103_永禄八年(1565年) 織田との同盟
重臣たちの考えを聞いた長政は、自室に戻って考えに耽っていた。
次の一手をどうするか。これは浅井の運命を決定付ける重要な一手になるだろう。
上洛の知らせを聞いた時、長政が最初に思ったのは何より、想定よりも早すぎるということだった。
信長の上洛成功はもっと遅くなるはずだった。
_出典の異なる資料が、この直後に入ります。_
Lemma odd_unity_root_exp4 (R : nzRingType) k (x : R) :
  odd k -> x ^+ k = 1 -> x ^+ 4 = 1 -> x = 1.
Proof.
move=> k_odd xk x4; pose a := k./2.
have k_eq : k = (a.*2).+1 by rewrite -[LHS]odd_double_half k_odd.
have : x ^+ (k * k) = 1 by rewrite exprM xk expr1n.
have -> : (k * k = 4 * (a * a + a) + 1)%N by rewrite k_eq -muln2 -addn1; ring.
by rewrite exprD exprM x4 expr1n mul1r expr1.
Qed.

Lemma twist_unity_root_neq1 (R : comNzRingType) k (x : R) :
  odd k -> x ^+ k = 1 -> x != 1 -> forall u, u ^+ 4 = 1 -> u * x != 1.
Proof.
move=> k_odd xk x_neq1 u u4; apply: contra_neq x_neq1 => ux1.
apply: (odd_unity_root_exp4 k_odd xk).
by have := congr1 (fun z => z ^+ 4) ux1; rewrite exprMn u4 mul1r expr1n.
Qed.

Lemma unity_root_expr_half (R : nzRingType) k n (x : R) :
  odd k -> x ^+ k = 1 -> (k %| n)%N -> (2 %| n)%N -> x ^+ n./2 = 1.
Proof.
move=> k_odd xk kn n_even.
have n_double : (n./2.*2 = n)%N by rewrite -[RHS]odd_double_half -[odd n]negbK -dvdn2 n_even.
have : (k %| n./2)%N.
  by rewrite -(Gauss_dvdr _ (_ : coprime k 2)) ?coprimen2 // ?mul2n ?muln2 n_double.
by move=> /dvdnP [q ->]; rewrite mulnC exprM xk expr1n.
Qed.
にも関わらず既に上洛の話が出てきている。まさか、史実を捻じ曲げた影響がもう出ているのか。
そんな考えが一瞬過ぎって焦りを覚えたが、いや、と思い直す。信長の上洛は一度とん挫していることを思い出したからだ。
一度目の上洛は今回のように、六角、斎藤を味方につけた上で行われるはずだった。だが、三好方が先んじて第十四代将軍となる足利義栄を擁立したことで事態が一変する。
六角や斎藤は新たな将軍義栄に従い浅井や織田と対立。それどころか、信長はその道中を斎藤に襲われ大敗を喫することになるのだ。
そのため信長はこの後に斎藤を滅ぼし、美濃を手中に収め、その上で二度目の上洛戦に臨む。そしてその時こそ、六角をも滅ぼして京から三好を退けるに至るのである。
となると……今回の上洛は失敗する。
とは言え清綱や政澄の反応を見るに、この上洛要請を蹴るのは難しいだろう。未だ、長政が思っている以上に武家の足利信仰は根強い。
ならば今回の同盟は――織田との婚姻は避けられそうにない。
「さて、どうしたものかな……」
あぐらをかいていた足を崩し、右膝を立て、膝の上に肘を置く。そうして床に広げた新九郎覚書に視線を落とす。
……とりあえず、同盟を組むまでは良い。問題はその後だ。
浅井家の滅亡は、先ほど久政らが懸念していたことがそのまま起きたのが原因だ。朝倉は織田を嫌って上洛を拒絶し、足利義昭はそれを叛意有りとして信長に討伐を命じた。
しかしその後背を狙い撃つようにして浅井が謀反。そこから織田と朝倉・浅井の血みどろの戦いが始まるのである。
この未来を回避し、浅井が生き残るための道筋は大きく二つ。一つは史実通り織田と手を組み、その後の朝倉討伐を黙認もしくは協力すること。
つまり、織田を裏切らない道。
一見するとこの選択が一番無難に見えるが、その先のことまで考えると実は案外そういう訳でもない。
仮に浅井が織田の傘下に加わったとして、今まで通り長政が自由に采配を振るえるかといえばそれは絶対にあり得ない。
何せ信長も同盟相手と認めている徳川家康をして、姉川の戦いを始めとした数々の戦に連れまわされている。その様はまるで一家臣の如く、だ。
そんな中、長政だけが特別視される……なんて事はまずあり得ないだろう。
それどころか戦のために今浜や国友といった要所を織田に差し押さえられることすら考えられる。
そして最悪の場合、そうやって力を削ぎ落された上で対立、ということもあり得るのが織田信長の恐ろしいところだ。
例えば武田信玄。信長包囲網における西上作戦で信長を窮地に陥れた彼も、元は信長の同盟者だった。
しかし徳川家康と駿河を巡る領有問題で対立、信長に調停を求めるも信長はこれを静観し、それどころか武田領との緩衝地帯である岩村城の攻略に動いた。
この岩村城の城主、遠山景任は元々武田の庇護を受けて当主に就任、その後織田との間を取り持つ仲介役を務めていたのだが、この直前に死去。信長はその隙を狙った形になる。
信玄からすれば緩衝地帯への侵略に等しく、駿河の件と合わせて手酷い裏切りに感じたのだろう。その後の推移は誰もが知る様に織田との決別、そして西上作戦へと至る。
また信長の天下統一を十年遅らせたとされる石山本願寺も、当初は信長と協調する動きを見せていた。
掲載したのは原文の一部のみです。